_WHAT IS EXPECTED_:
What lines of the listing below contain the word "split"? Copy each of them out.

_EXCERPTED RECORDS_:
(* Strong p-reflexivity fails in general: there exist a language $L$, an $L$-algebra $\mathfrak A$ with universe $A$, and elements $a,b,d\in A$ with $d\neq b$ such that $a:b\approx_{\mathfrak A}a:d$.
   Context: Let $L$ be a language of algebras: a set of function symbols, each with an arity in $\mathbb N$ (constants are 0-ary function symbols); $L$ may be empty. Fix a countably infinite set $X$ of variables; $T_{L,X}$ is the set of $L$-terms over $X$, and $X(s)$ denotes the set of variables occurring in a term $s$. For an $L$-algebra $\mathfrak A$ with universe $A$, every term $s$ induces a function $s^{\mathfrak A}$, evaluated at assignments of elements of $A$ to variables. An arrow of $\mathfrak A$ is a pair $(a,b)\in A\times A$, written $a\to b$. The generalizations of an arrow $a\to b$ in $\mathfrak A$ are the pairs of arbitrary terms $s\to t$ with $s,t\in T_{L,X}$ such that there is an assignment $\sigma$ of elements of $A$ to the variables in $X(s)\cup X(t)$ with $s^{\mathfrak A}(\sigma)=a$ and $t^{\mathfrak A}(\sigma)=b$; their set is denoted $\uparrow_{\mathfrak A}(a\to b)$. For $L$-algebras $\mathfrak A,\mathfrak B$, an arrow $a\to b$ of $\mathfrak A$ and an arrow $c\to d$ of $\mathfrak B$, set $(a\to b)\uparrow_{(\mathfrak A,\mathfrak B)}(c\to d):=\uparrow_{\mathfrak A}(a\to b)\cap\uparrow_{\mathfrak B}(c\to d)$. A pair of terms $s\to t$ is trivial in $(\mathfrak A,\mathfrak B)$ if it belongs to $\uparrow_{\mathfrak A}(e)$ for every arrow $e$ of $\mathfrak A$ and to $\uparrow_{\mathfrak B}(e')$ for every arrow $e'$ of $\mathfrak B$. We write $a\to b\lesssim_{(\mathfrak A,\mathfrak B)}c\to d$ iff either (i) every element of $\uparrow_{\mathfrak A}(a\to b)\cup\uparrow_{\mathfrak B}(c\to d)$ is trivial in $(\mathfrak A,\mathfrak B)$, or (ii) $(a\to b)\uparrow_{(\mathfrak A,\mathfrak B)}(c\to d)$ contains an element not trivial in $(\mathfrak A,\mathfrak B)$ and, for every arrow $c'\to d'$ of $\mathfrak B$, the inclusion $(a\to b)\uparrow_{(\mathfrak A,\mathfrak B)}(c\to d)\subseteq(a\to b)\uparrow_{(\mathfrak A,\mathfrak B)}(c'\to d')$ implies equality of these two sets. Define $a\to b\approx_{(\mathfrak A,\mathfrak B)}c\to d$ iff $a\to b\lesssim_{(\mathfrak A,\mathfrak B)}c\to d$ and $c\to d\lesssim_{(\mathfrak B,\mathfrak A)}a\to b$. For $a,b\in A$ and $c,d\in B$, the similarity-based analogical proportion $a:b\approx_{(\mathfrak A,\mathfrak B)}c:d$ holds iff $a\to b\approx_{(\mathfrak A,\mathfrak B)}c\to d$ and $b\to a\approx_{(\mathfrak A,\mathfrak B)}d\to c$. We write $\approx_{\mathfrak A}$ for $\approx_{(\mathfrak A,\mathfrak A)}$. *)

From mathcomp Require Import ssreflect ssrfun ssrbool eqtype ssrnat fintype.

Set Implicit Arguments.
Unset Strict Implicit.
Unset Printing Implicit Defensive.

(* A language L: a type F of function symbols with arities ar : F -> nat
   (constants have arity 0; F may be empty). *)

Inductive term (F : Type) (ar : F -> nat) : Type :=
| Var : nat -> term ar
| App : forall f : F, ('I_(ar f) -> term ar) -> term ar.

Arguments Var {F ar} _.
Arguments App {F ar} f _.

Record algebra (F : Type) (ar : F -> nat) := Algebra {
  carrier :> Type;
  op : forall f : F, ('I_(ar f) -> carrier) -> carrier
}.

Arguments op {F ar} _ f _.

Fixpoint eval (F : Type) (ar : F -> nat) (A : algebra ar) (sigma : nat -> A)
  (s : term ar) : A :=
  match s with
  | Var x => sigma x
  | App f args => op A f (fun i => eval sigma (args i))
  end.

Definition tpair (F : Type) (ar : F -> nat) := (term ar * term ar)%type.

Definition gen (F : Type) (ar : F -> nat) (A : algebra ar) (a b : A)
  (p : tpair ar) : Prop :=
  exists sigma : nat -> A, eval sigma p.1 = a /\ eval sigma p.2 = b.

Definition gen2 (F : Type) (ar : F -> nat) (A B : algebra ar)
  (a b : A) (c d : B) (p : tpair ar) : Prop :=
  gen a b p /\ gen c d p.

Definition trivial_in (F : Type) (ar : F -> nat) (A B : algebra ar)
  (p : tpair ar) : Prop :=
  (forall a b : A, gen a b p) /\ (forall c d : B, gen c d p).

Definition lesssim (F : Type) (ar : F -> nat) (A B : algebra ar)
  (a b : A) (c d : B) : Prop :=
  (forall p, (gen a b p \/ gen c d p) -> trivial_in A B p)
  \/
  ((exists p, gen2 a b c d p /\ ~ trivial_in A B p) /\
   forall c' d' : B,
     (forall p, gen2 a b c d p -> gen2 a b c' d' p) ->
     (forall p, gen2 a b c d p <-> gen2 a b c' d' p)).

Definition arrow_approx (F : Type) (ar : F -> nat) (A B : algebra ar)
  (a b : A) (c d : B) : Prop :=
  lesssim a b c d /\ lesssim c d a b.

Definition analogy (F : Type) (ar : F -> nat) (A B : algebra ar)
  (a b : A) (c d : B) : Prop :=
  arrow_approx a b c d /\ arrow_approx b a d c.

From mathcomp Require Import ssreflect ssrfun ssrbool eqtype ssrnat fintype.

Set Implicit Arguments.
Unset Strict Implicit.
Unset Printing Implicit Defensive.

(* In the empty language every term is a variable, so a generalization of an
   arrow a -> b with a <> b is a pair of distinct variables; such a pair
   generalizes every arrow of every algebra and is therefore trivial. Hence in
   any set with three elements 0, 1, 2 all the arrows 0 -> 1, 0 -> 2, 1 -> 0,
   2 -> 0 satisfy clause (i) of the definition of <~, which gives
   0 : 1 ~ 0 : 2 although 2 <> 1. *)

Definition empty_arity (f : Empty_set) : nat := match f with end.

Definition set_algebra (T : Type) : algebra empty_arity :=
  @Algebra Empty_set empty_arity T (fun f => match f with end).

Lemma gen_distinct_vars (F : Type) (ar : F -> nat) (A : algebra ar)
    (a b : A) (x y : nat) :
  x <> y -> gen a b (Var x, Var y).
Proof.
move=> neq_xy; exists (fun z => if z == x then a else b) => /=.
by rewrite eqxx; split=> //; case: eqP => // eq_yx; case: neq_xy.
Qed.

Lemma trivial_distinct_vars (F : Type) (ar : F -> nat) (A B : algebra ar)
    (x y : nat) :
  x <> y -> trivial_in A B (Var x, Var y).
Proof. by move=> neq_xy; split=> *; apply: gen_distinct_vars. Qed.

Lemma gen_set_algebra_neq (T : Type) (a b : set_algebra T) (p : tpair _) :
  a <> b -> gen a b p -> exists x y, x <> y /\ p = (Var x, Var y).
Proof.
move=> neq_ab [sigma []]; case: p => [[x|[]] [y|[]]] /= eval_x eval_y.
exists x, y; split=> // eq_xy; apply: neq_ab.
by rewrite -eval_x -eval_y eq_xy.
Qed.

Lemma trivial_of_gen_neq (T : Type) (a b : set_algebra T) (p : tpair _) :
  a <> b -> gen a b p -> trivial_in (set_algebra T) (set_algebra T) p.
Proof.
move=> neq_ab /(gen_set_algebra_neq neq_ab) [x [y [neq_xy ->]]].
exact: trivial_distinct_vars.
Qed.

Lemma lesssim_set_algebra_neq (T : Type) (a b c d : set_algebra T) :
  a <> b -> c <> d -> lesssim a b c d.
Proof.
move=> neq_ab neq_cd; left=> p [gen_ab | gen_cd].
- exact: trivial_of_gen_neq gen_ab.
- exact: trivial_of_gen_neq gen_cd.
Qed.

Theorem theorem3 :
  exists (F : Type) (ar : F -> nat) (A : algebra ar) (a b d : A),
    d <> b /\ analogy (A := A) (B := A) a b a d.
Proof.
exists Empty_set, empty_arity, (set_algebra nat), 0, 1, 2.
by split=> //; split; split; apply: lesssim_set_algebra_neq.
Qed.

_SOLUTION_:
by rewrite eqxx; split=> //; case: eqP => // eq_yx; case: neq_xy.
Proof. by move=> neq_xy; split=> *; apply: gen_distinct_vars. Qed.
exists x, y; split=> // eq_xy; apply: neq_ab.
by split=> //; split; split; apply: lesssim_set_algebra_neq.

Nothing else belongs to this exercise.